Lamar's amendment was tabled during the committee meeting.

After the amendment failed, Crump spoke in support of the bill. He said that a previous Supreme Court case, Kennedy vs. Louisiana, found the bill would be unconstitutional. However, he said the court's members have changed drastically since the decision, now having six justices that lean favorably to the death penalty.

"We believe the time has come. We believe this is a good bill," he said.

The bill's fiscal note said it could result in more expenses for the Public Defenders Conference, Office of the Post-Conviction Defender and Indigent Defense Fund. However, it could not reasonably estimate those increases.

"The bill that I want to be voting on is the bill that says if I catch someone doing this to a child, I am protected against any civil action and I am protected against any criminal indictment or charges," said Sen. Kerry Roberts (R - Springfield). "If I catch someone fingering my 12-year-old daughter and I kill them, what am I subject to?"

A spokesperson for the District Attorney's Office said if the senator had caught someone in the act and killed them, then it may be considered self-defense and he would not be charged.

Roberts also said he saw some issues with the bill that he wanted to change, such as implmenting stricter thresholds before prosecutors can pursue the death penalty, and also wanted to reach out to Governor Bill Lee to learn if the state was planning on resuming executions.

Following his questions, Lamar asked Crump if perpetrators may be incentivized to kill children they rape, since rapist may believe they would die anyway for the crime.

"I don't think there's any way to know that," Crump said. "Deterrence is a two-measure thing. It's not just based on the penalty, it's also based on the likelihood of being caught. Those two things can't be separated ... The death penalty is kinda like a lighthouse. We don't know how many ships see the lighthouse and turn away. We only see the ones that don't."

An attorney for a nonprofit working to reform Tennessee's death penalty also spoke and said the death penalty carries the inherent risk of executing an innocent person. She said 197 people have been exonerated from death row, including three from Tennessee. She also said children could be coerced into making false accusations, especially in cases such as custody disputes or those involving caregivers with mental health issues.

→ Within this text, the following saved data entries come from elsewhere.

(* Let $k$ be a commutative ring, $A$ a commutative $k$-algebra, and $(A,\mathfrak g_{A/k},\alpha)$ a Lie algebroid. Let $S^\cdot=\bigoplus_{i\ge 0}S^i$ be a graded $\mathfrak g_{A/k}$-algebra which is noetherian, and let $M^\cdot$ be a graded $(S^\cdot,\mathfrak g_{A/k})$-module which is of finite type over $S^\cdot$. Denote by $\bar S^\cdot=(S^\cdot)^{\mathfrak g_{A/k}}$ and $\bar M^\cdot=(M^\cdot)^{\mathfrak g_{A/k}}$ the invariants. (1) Assume that $S^\cdot$ is semi-simple as a $\mathfrak g_{A/k}$-module and that $\bar S^0$ is a noetherian ring. Then $\bar S^\cdot$ is a graded noetherian subring of $S^\cdot$. (2) Assume the hypotheses of (1) and in addition that $M^\cdot$ is semi-simple as a $\mathfrak g_{A/k}$-module. Then $\bar M^\cdot$ is of finite type over $\bar S^\cdot$.
   Context: $T_{A/k}$ denotes the $A$-module (and $k$-Lie algebra) of $k$-linear derivations of $A$. A Lie algebroid $(A,\mathfrak g_{A/k},\alpha)$ consists of an $A$-module of finite type $\mathfrak g_{A/k}$ with a $k$-bilinear Lie bracket $[\cdot,\cdot]$ and a map $\alpha:\mathfrak g_{A/k}\to T_{A/k}$ which is a homomorphism of Lie algebras and of $A$-modules, such that $[\delta,a\eta]=\alpha(\delta)(a)\eta+a[\delta,\eta]$ for $a\in A$, $\delta,\eta\in\mathfrak g_{A/k}$. A $\mathfrak g_{A/k}$-module is an $A$-module $M$ with a $k$-Lie algebra homomorphism $f:\mathfrak g_{A/k}\to \mathrm{End}_k(M)$ such that $f(a\delta)(m)=af(\delta)(m)$ and $f(\delta)(am)=\alpha(\delta)(a)m+af(\delta)(m)$. A $\mathfrak g_{A/k}$-module is semi-simple if it is a direct sum of simple $\mathfrak g_{A/k}$-modules (equivalently every $\mathfrak g_{A/k}$-submodule is a direct summand). A graded $\mathfrak g_{A/k}$-algebra is a graded commutative $A$-algebra $S^\cdot=\bigoplus_{i\ge0}S^i$ which is a $\mathfrak g_{A/k}$-module via a homomorphism of $A$-modules and Lie algebras $\phi:\mathfrak g_{A/k}\to T_{S^\cdot/k}$ with $\phi(\delta)(S^i)\subset S^i$ for all $\delta,i$. A graded $(S^\cdot,\mathfrak g_{A/k})$-module is a graded $S^\cdot$-module $M^\cdot=\bigoplus_{i\in\mathbb Z}M^i$ which is also a $\mathfrak g_{A/k}$-module with $\delta M^i\subset M^i$ and $\delta(sm)=\delta(s)m+s\,\delta m$ for $s\in S^\cdot$, $m\in M^\cdot$, $\delta\in\mathfrak g_{A/k}$. For such a module, $\bar M^\cdot=\{m\in M^\cdot:\delta m=0\ \forall\delta\in\mathfrak g_{A/k}\}$; it is a graded $\bar S^\cdot$-module and $\bar S^\cdot=\bigoplus_i\bar S^i$ is a graded subring of $S^\cdot$. *)

From HB Require Import structures.
From mathcomp Require Import all_boot all_order all_algebra.
Set Implicit Arguments. Unset Strict Implicit. Unset Printing Implicit Defensive.
Import GRing.Theory.
Local Open Scope ring_scope.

She also said that death penalties do not have a deterrent effect, and said it could incentivize perpetrators to kill children after raping them. She also said testing the law would be costly to the state, possibly having to spend money prosecuting a decades-long case only to find that the law is unconstitutional.

Other attorneys warned that a child's testimony may not stand up to examination in court, and may not be enough evidence to reliably convict a person. A total of four people spoke against the bill during the March 26 committee meeting.

Yager said his bill was meant to give prosecutors another tool to prosecute people charged with raping children.

The House version was placed behind the budget on Feb. 7.